Molecular pain | Our research

Chronic pain is a major health problem affecting about 20 per cent of the Swedish population, resulting in markedly reduced quality of life for the individual.

Nearly 1 in 5 adults suffer from chronic pain. Drug develop­ment has hitherto been insufficient and there are cur­rently few effective treat­ments for persistent pain. Without adequate relief, individu­als with persis­tent pain often endure physical and psychosocial problems resulting in a dramatically reduced quality of life. Pain is not only devastating for the individual but also imparts large societal and economic costs in the form of medical care, sick leave and lost productivity. Thus, it is critical to increase our understanding of how chronic pain is regulated, in order to identify new treatment strategies and novel drug targets for pain relief.

Pain is one of the most problematic symptoms of rheumatic diseases, such as rheumatoid arthritis (RA) osteoarthritis (OA) and fibromyalgia (FM). RA is an autoimmune disease characterized by joint inflammation along with bone and cartilage destruction that affects around 1% of the population. In RA, current anti-inflammatory treatments effectively control joint-inflammation (and inflammatory pain) in many patients. Unfortunately, well-controlled joint inflammation does not mean pain relief. RA patients frequently present with debilitating pain prior to joint-inflammation, which often persists even when the disease is medically controlled or in remission. Effective analgesic therapies for the “non-inflammatory” pain are lacking. We identified that several RA-associated antibodies, isolated from RA patients, induce pain-like behavior without classical signs of inflammation when transferred to mice.

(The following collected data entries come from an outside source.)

(* Let $d\ge1$, $\alpha\ge1$, and $G\in\mathcal{C}^d_\alpha$ (with a fixed representing system of sets). Let $v$ be a maximal vertex of $G$, let $D_i$ be the set of vertices at distance $i$ from $v$ in $G$, and let $(\hat G,w)$ be the weighted graph obtained from $G$ by giving every edge of $G$ weight $1$ and adding, for every pair $x,y$ of vertices lying in a common $D_i$ such that $y$ contains $x$, an edge $xy$ of weight $2$. Then $\mathrm{dist}_G(x,y)=\mathrm{dist}_{(\hat G,w)}(x,y)$ for all $x,y\in V(G)$.
   Context: The height of a bounded convex set $X\subseteq\mathbb{R}^d$ is the infimum of $h\ge0$ such that $X$ lies between two parallel hyperplanes at distance $h$; its aspect ratio is its diameter divided by its height. $\mathcal{C}^d_\alpha$ is the class of connected intersection graphs of systems of path-connected sets in $\mathbb{R}^d$, each obtained from a compact convex set of aspect ratio at most $\alpha$ by removing some subset of its interior (vertices are identified with the sets; adjacent iff they intersect). For a vertex $x$, $\overline{x}$ denotes the convex hull of the set $x$. A vertex $y$ contains a different vertex $x$ if $\overline{x}\subseteq\overline{y}$; a vertex $x$ is maximal if no other vertex contains it. In a weighted graph, the length of a path is the sum of its edge weights and $\mathrm{dist}$ is the infimum of lengths of connecting paths. *)

From HB Require Import structures.
From mathcomp Require Import all_boot all_order all_algebra.
From mathcomp Require Import all_classical all_reals all_analysis.
Set Implicit Arguments. Unset Strict Implicit. Unset Printing Implicit Defensive.
Import Order.TTheory GRing.Theory Num.Theory.
Import numFieldNormedType.Exports.
Local Open Scope classical_set_scope.
Local Open Scope ring_scope.

Section Geometry.
Variables (R : realType) (d : nat).
Notation pt := 'rV[R]_d.

Definition dotp (u v : pt) : R := \sum_(i < d) u ord0 i * v ord0 i.
Definition enorm (u : pt) : R := Num.sqrt (dotp u u).

Definition is_convex (A : set pt) : Prop :=
  forall x y (t : R), A x -> A y -> 0 <= t <= 1 -> A (t *: x + (1 - t) *: y).
Definition conv_hull (X : set pt) : set pt :=
  \bigcap_(C in [set C | is_convex C /\ X `<=` C]) C.

Definition bounded_set (X : set pt) : Prop :=
  exists M : R, forall p, X p -> enorm p <= M.

Definition in_slab (X : set pt) (h : R) : Prop :=
  exists (u : pt) (c : R), enorm u = 1 /\
    forall p, X p -> c <= dotp u p <= c + h.
Definition height (X : set pt) : R := inf [set h | 0 <= h /\ in_slab X h].
Definition diam (X : set pt) : R :=
  sup [set enorm (p - q) | p in X & q in X].

(* aspect ratio diam/height is at most alpha; written multiplicatively *)
Definition aspect_le (X : set pt) (alpha : R) : Prop :=
  diam X <= alpha * height X.

Definition path_connected (A : set pt) : Prop :=
  forall p q, A p -> A q -> exists f : R -> pt,
    [/\ f 0 = p, f 1 = q, {within `[0, 1], continuous f} &
        forall t, 0 <= t <= 1 -> A (f t)].

Definition admissible_set (alpha : R) (S : set pt) : Prop :=
  exists K : set pt,
    [/\ compact K, is_convex K, aspect_le K alpha &
        (K `\` interior K) `<=` S /\ S `<=` K].

End Geometry.

Section Graphs.
Variable V : Type.

Inductive walk (adj : V -> V -> Prop) : V -> V -> nat -> Prop :=
| walk0 x : walk adj x x 0
| walkS x y z n : adj x y -> walk adj y z n -> walk adj x z n.+1.

Definition is_dist (adj : V -> V -> Prop) (x y : V) (n : nat) : Prop :=
  walk adj x y n /\ forall m, walk adj x y m -> (n <= m)%N.

Definition connected_graph (adj : V -> V -> Prop) : Prop :=
  forall x y, exists n, walk adj x y n.

(* weighted graph: wedge x y w means there is an edge xy of weight w *)
Inductive wwalk (wedge : V -> V -> nat -> Prop) : V -> V -> nat -> Prop :=
| wwalk0 x : wwalk wedge x x 0
| wwalkS x y z w n : wedge x y w -> wwalk wedge y z n -> wwalk wedge x z (w + n).

Definition is_wdist (wedge : V -> V -> nat -> Prop) (x y : V) (n : nat) : Prop :=
  wwalk wedge x y n /\ forall m, wwalk wedge x y m -> (n <= m)%N.

End Graphs.

Section IntersectionGraph.
Variables (R : realType) (d : nat) (V : Type) (S : V -> set 'rV[R]_d).

Definition igraph (x y : V) : Prop := x <> y /\ S x `&` S y !=set0.

Definition contains (y x : V) : Prop :=
  x <> y /\ conv_hull (S x) `<=` conv_hull (S y).

Definition maximal_vertex (v : V) : Prop := forall y, ~ contains y v.

Definition hat_edge (v : V) (x y : V) (w : nat) : Prop :=
  (igraph x y /\ w = 1%N) \/
  (w = 2%N /\ exists i, is_dist igraph v x i /\ is_dist igraph v y i /\
                          (contains y x \/ contains x y)).

End IntersectionGraph.

(* Let y contain x, both at distance i from the maximal vertex v, and let K be
   the compact convex set from which S y is obtained.  Since S y keeps the
   boundary of K, and every point of a compact set (in dimension >= 1) lies
   on a segment between two boundary points, the hull of S y is K.  Hence S x
   lies in K while S v does not (v is maximal).  Walking along a shortest
   v-x path, some set must cross the boundary of K, i.e. meet S y; that
   vertex is at distance i or i - 1 from v, and this yields a y-x walk of
   length at most 2.  So every weight-2 edge of the weighted graph can be
   replaced by a walk of at most the same length in G, and the distances
   coincide. *)
From HB Require Import structures.
From mathcomp Require Import all_boot all_order all_algebra.
From mathcomp Require Import all_classical all_reals all_analysis.
From mathcomp Require Import ring lra zify.
Import Order.TTheory GRing.Theory Num.Theory.
Import numFieldNormedType.Exports.
Local Open Scope classical_set_scope.
Local Open Scope ring_scope.

Set Implicit Arguments.
Unset Strict Implicit.

Section ConvexHull.
Variables (R : realType) (d : nat).
Implicit Types X C : set 'rV[R]_d.

Lemma conv_hull_convex X : is_convex (conv_hull X).
Proof.
move=> x y t Hx Hy t01 C [cC XC].
exact: cC (Hx C (conj cC XC)) (Hy C (conj cC XC)) t01.
Qed.

Lemma sub_conv_hull X : X `<=` conv_hull X.
Proof. by move=> x Xx C [_ XC]; apply: XC. Qed.

Lemma conv_hull_min X C : is_convex C -> X `<=` C -> conv_hull X `<=` C.
Proof. by move=> cC XC x Hx; apply: Hx. Qed.

Lemma conv_hullS X C : X `<=` C -> conv_hull X `<=` conv_hull C.
Proof.
move=> XC; apply: conv_hull_min; first exact: conv_hull_convex.
by move=> x /XC /sub_conv_hull.
Qed.

Lemma conv_hull_between X (p e : 'rV[R]_d) (a b : R) : 0 < a -> 0 < b ->
  X (p + a *: e) -> X (p - b *: e) -> conv_hull X p.
Proof.
move=> a0 b0 Xa Xb; pose l := b / (a + b).
have l01 : 0 <= l <= 1.
  apply/andP; split; first by rewrite divr_ge0 ?ltW ?addr_gt0.
  by rewrite ler_pdivrMr ?addr_gt0 // mul1r lerDr ltW.
have := conv_hull_convex (sub_conv_hull Xa) (sub_conv_hull Xb) l01.
suff -> : l *: (p + a *: e) + (1 - l) *: (p - b *: e) = p by [].
rewrite !scalerDr scalerN !scalerA addrACA -scalerDl subrKC scale1r.
have -> : l * a = (1 - l) * b by rewrite /l; field; rewrite lt0r_neq0 ?addr_gt0.
by rewrite subrr addr0.
Qed.

End ConvexHull.

Section Boundary.
Variable R : realType.

Lemma path_meets_boundary (T : normedModType R) (K : set T) (f : R -> T) :
  closed K -> {within `[0, 1], continuous f} -> K (f 0) -> ~ K (f 1) ->
  exists2 t, 0 <= t <= 1 & (K `\` K°) (f t).
Proof.
move=> cK cf K0 K1; apply: contrapT => noB.
have fI_conn := connected_continuous_connected (@segment_connected R 0 1) cf.
have sep : separated K° (~` K).
  split.
    apply/seteqP; split => // x [/(closureS (@interior_subset _ K))].
    by rewrite -(closure_id K).1.
  by rewrite closure_setC; apply/seteqP; split => // x [? []].
have fI_sub : f @` `[0, 1] `<=` K° `|` ~` K.
  move=> _ [t t01 <-]; have [Kt|] := pselect (K (f t)); last by right.
  left; apply: contrapT => nIt; apply: noB; exists t; last by split.
  by move: t01; rewrite /= in_itv.
have [fI_int|fI_out] := connected_subset sep fI_sub fI_conn.
  apply: K1; apply: interior_subset; apply: fI_int; exists 1 => //.
  by rewrite /= in_itv /= lexx ler01.
by apply: (fI_out (f 0)) => //; exists 0 => //; rewrite /= in_itv /= lexx ler01.
Qed.

Lemma path_connected_meets_boundary d (K A : set 'rV[R]_d) :
  closed K -> path_connected A -> A `&` K !=set0 -> ~ A `<=` K ->
  A `&` (K `\` K°) !=set0.
Proof.
move=> cK pA [p [Ap Kp]] nAK.
have [q [Aq nKq]] : exists q, A q /\ ~ K q.
  by apply: contrapT => H; apply: nAK => q Aq; apply: contrapT => nKq; apply: H; exists q.
have [f [f0 f1 cf fA]] := pA p q Ap Aq.
have [||t t01 Bt] := path_meets_boundary cK cf; rewrite ?f0 ?f1 //.
by exists (f t); split => //; apply: fA.
Qed.

Lemma ray_meets_boundary (T : normedModType R) (K : set T) (p e : T) :
  closed K -> K° p -> ~ K (p + e) ->
  exists2 s, 0 < s <= 1 & (K `\` K°) (p + s *: e).
Proof.
move=> cK Ip nKe.
have cf : {within `[0, 1], continuous (fun t : R => p + t *: e)}.
  apply: continuous_subspaceT => t; apply: cvgD; first exact: cvg_cst.
  by apply: cvgZr_tmp; apply: cvg_id.
have [||s /andP[s0 s1] [Ks Is]] := path_meets_boundary cK cf.
- by rewrite scale0r addr0; apply: interior_subset.
- by rewrite scale1r.
exists s => //; rewrite s1 andbT lt_neqAle s0 andbT.
by apply/eqP => s0'; apply: Is; rewrite -s0' scale0r addr0.
Qed.

Lemma compact_ray_escape (T : normedModType R) (K : set T) (p e : T) :
  compact K -> e != 0 -> exists2 c, 0 < c & ~ K (p + c *: e) /\ ~ K (p - c *: e).
Proof.
move=> cK e0; have [M M0 KM] := pinfty_ex_gt0 (compact_bounded cK).
have ne0 : 0 < `|e| by rewrite normr_gt0.
pose c := (M + `|p| + 1) / `|e|.
have c0 : 0 < c by rewrite divr_gt0 //; have := normr_ge0 p; lra.
have norm_ce : `|c *: e| = M + `|p| + 1.
  by rewrite normrZ gtr0_norm // divfK // gt_eqF.
have far q : `|q - p| = `|c *: e| -> ~ K q.
  move=> qp Kq; have /= := KM q Kq; have := ler_normB q p; rewrite qp norm_ce; lra.
exists c => //; split; apply: far; first by rewrite addrAC subrr add0r.
by rewrite addrAC subrr add0r normrN.
Qed.

Lemma compact_sub_conv_hull_boundary d (K : set 'rV[R]_d) :
  (0 < d)%N -> compact K -> K `<=` conv_hull (K `\` K°).
Proof.
move=> d0 cK p Kp; have [Ip|nIp] := pselect (K° p); last exact: sub_conv_hull.
have clK : closed K := compact_closed (@norm_hausdorff _ _) cK.
pose e : 'rV[R]_d := delta_mx ord0 (Ordinal d0).
have e0 : e != 0.
  apply/eqP => /matrixP/(_ ord0 (Ordinal d0)).
  by rewrite !mxE !eqxx; apply/eqP; rewrite oner_neq0.
have [c c0 [nK1 nK2]] := compact_ray_escape p cK e0.
have [s1 /andP[s10 _] B1] := ray_meets_boundary clK Ip nK1.
have [s2 /andP[s20 _] B2] := ray_meets_boundary clK Ip (nK2 : ~ K (p + - (c *: e))).
rewrite scalerA in B1; rewrite scalerN scalerA in B2.
exact: conv_hull_between (mulr_gt0 s10 c0) (mulr_gt0 s20 c0) B1 B2.
Qed.

End Boundary.

Section Walks.
Variable V : Type.
Implicit Types (adj : V -> V -> Prop) (wedge : V -> V -> nat -> Prop).

Lemma walk_cat adj a b c m n :
  walk adj a b m -> walk adj b c n -> walk adj a c (m + n).
Proof.
elim=> {a b m} [//|x y z k xy _ IH] bc.
by rewrite addSn; apply: walkS xy (IH bc).
Qed.

Lemma walk_edge adj a b : adj a b -> walk adj a b 1.
Proof. by move=> ab; apply: walkS ab (walk0 _ _). Qed.

Lemma walk_sym adj a b n :
  (forall x y, adj x y -> adj y x) -> walk adj a b n -> walk adj b a n.
Proof.
move=> adj_sym; elim=> {a b n} [x|x y z k xy _ IH]; first exact: walk0.
by rewrite -addn1; apply: walk_cat IH (walk_edge (adj_sym _ _ xy)).
Qed.

Lemma walk_0_eq adj a b : walk adj a b 0 -> a = b.
Proof. by move=> w; inversion w. Qed.

Lemma is_dist_iff_wdist adj wedge x y n :
  (forall a b m, walk adj a b m -> wwalk wedge a b m) ->
  (forall a b m, wwalk wedge a b m -> exists2 k, (k <= m)%N & walk adj a b k) ->
  is_dist adj x y n <-> is_wdist wedge x y n.
Proof.
move=> walk_wwalk wwalk_walk; split.
- move=> [w w_min]; split; first exact: walk_wwalk.
  by move=> m /wwalk_walk [k km /w_min nk]; apply: leq_trans km.
- move=> [w w_min]; have [k kn wk] := wwalk_walk _ _ _ w.
  have nk := w_min _ (walk_wwalk _ _ _ wk).
  have n_k : n = k by apply/eqP; rewrite eqn_leq kn nk.
  by subst n; split=> // m /walk_wwalk /w_min.
Qed.

End Walks.

Section IntersectionGraph.
Variables (R : realType) (d : nat) (alpha : R) (V : Type) (S : V -> set 'rV[R]_d).
Hypotheses (d_gt0 : (0 < d)%N) (S_pconn : forall x, path_connected (S x))
  (S_adm : forall x, admissible_set alpha (S x)).

Lemma igraph_sym a b : igraph S a b -> igraph S b a.
Proof. by move=> [ab [q [Saq Sbq]]]; split; [move/esym | exists q]. Qed.

Lemma admissible_conv_hull x : exists K : set 'rV[R]_d,
  [/\ compact K, (K `\` K°) `<=` S x & conv_hull (S x) = K].
Proof.
have [K [cK cvK _ [bK SK]]] := S_adm x.
exists K; split=> //; apply/seteqP; split; first exact: conv_hull_min.
by move=> p /(compact_sub_conv_hull_boundary d_gt0 cK); apply: conv_hullS.
Qed.

Lemma walk_meets_boundary (K : set 'rV[R]_d) a b m :
  closed K -> walk (igraph S) a b m -> ~ S a `<=` K -> S b `<=` K ->
  exists c m', [/\ (m' <= m)%N, walk (igraph S) a c m', walk (igraph S) c b (m - m')
                 & S c `&` (K `\` K°) !=set0].
Proof.
move=> cK; elim=> {a b m} [x|x y z k xy wyz IH] nSxK SzK; first by [].
have [SxK|noSxK] := pselect (S x `&` K !=set0).
  exists x, 0%N; split=> //; first exact: walk0.
    by rewrite subn0; apply: walkS xy wyz.
  exact: path_connected_meets_boundary.
have nSyK : ~ S y `<=` K.
  move: xy => [_ [q [Sxq Syq]]] SyK; apply: noSxK; exists q; split=> //; exact: SyK.
have [c [m' [m'k w1 w2 cB]]] := IH nSyK SzK.
by exists c, m'.+1; split=> //; apply: walkS xy w1.
Qed.

Variable v : V.
Hypothesis v_max : maximal_vertex S v.

Lemma contains_same_level_walk_le2 x y i :
  is_dist (igraph S) v x i -> is_dist (igraph S) v y i -> contains S y x ->
  exists2 k, (k <= 2)%N & walk (igraph S) y x k.
Proof.
move=> [vx _] [_ vy_min] [xy Sx_Sy].
have [K [cK bK hullK]] := admissible_conv_hull y.
have clK : closed K := compact_closed (@norm_hausdorff _ _) cK.
have vy : v <> y.
  move=> vy; have i0 : i = 0%N.
    by apply/eqP; rewrite -leqn0; apply: vy_min; rewrite -vy; apply: walk0.
  by rewrite i0 in vx; apply: xy; rewrite -vy (walk_0_eq vx).
have nSvK : ~ S v `<=` K.
  move=> SvK; apply: (@v_max y); split=> //; rewrite hullK.
  by apply: conv_hull_min SvK; rewrite -hullK; apply: conv_hull_convex.
have SxK : S x `<=` K by rewrite -hullK => p /sub_conv_hull /Sx_Sy.
have [c [m' [m'i w1 w2 [q [Scq /bK Syq]]]]] := walk_meets_boundary clK vx nSvK SxK.
have [c_y | cy] := pselect (c = y).
  by subst c; exists (i - m')%N => //; have := vy_min _ w1; lia.
have cy_adj : igraph S c y by split=> //; exists q.
have := vy_min _ (walk_cat w1 (walk_edge cy_adj)).
exists (1 + (i - m'))%N; first lia.
exact: walk_cat (walk_edge (igraph_sym cy_adj)) w2.
Qed.

Lemma wwalk_hat_walk a b n : wwalk (hat_edge S v) a b n ->
  exists2 m, (m <= n)%N & walk (igraph S) a b m.
Proof.
elim=> {a b n} [x | x y z w n xy _ [m mn wm]]; first by exists 0%N => //; apply: walk0.
case: xy => [[xy ->]|[-> [i [dx [dy [yx|xy]]]]]].
- by exists m.+1 => //; apply: walkS xy wm.
- have [k k2 wk] := contains_same_level_walk_le2 dx dy yx.
  exists (k + m)%N; first lia.
  exact: walk_cat (walk_sym igraph_sym wk) wm.
- have [k k2 wk] := contains_same_level_walk_le2 dy dx xy.
  by exists (k + m)%N; [lia | apply: walk_cat wk wm].
Qed.

End IntersectionGraph.

Lemma walk_hat_wwalk (R : realType) (d : nat) (V : Type) (S : V -> set 'rV[R]_d) v a b n :
  walk (igraph S) a b n -> wwalk (hat_edge S v) a b n.
Proof.
elim=> {a b n} [x|x y z k xy _ IH]; first exact: wwalk0.
by rewrite -add1n; apply: wwalkS IH; left.
Qed.

Unset Implicit Arguments.
Set Strict Implicit.

Theorem lemma5p3 (R : realType) (d : nat) (alpha : R) (V : Type)
    (S : V -> set 'rV[R]_d) (v : V) :
  (1 <= d)%N -> 1 <= alpha ->
  (forall x, path_connected (S x) /\ admissible_set alpha (S x)) ->
  connected_graph (igraph S) ->
  maximal_vertex S v ->
  forall (x y : V) (n : nat),
    is_dist (igraph S) x y n <-> is_wdist (hat_edge S v) x y n.
Proof.
move=> d_gt0 _ S_ok _ v_max x y n.
apply: is_dist_iff_wdist; first exact: walk_hat_wwalk.
exact: wwalk_hat_walk d_gt0 (fun z => (S_ok z).1) (fun z => (S_ok z).2) v v_max.
Qed.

FM is a highly prevalent disease affecting 2-4% of the population, which predominantly affects women (7/10).  Hallmarks of FM include widespread musculoskeletal pain, stiffness, and physical/cognitive fatigue. There is growing evidence of central nervous system (CNS) disturbances in FM, however, our lack of understanding the underlying pathophysiology has prevented development of effective therapies. Further, available treatments are often ineffective and frequently associated with adverse effects. FM is currently not considered an autoimmune disease, but we have discovered that transfer of antibodies (immunoglobulin G, IgG) purified from FM patients’ blood to mice gives rise to an increased sensitivity to deep pressure and cold and a reduced activity without causing an overt tissue inflammation.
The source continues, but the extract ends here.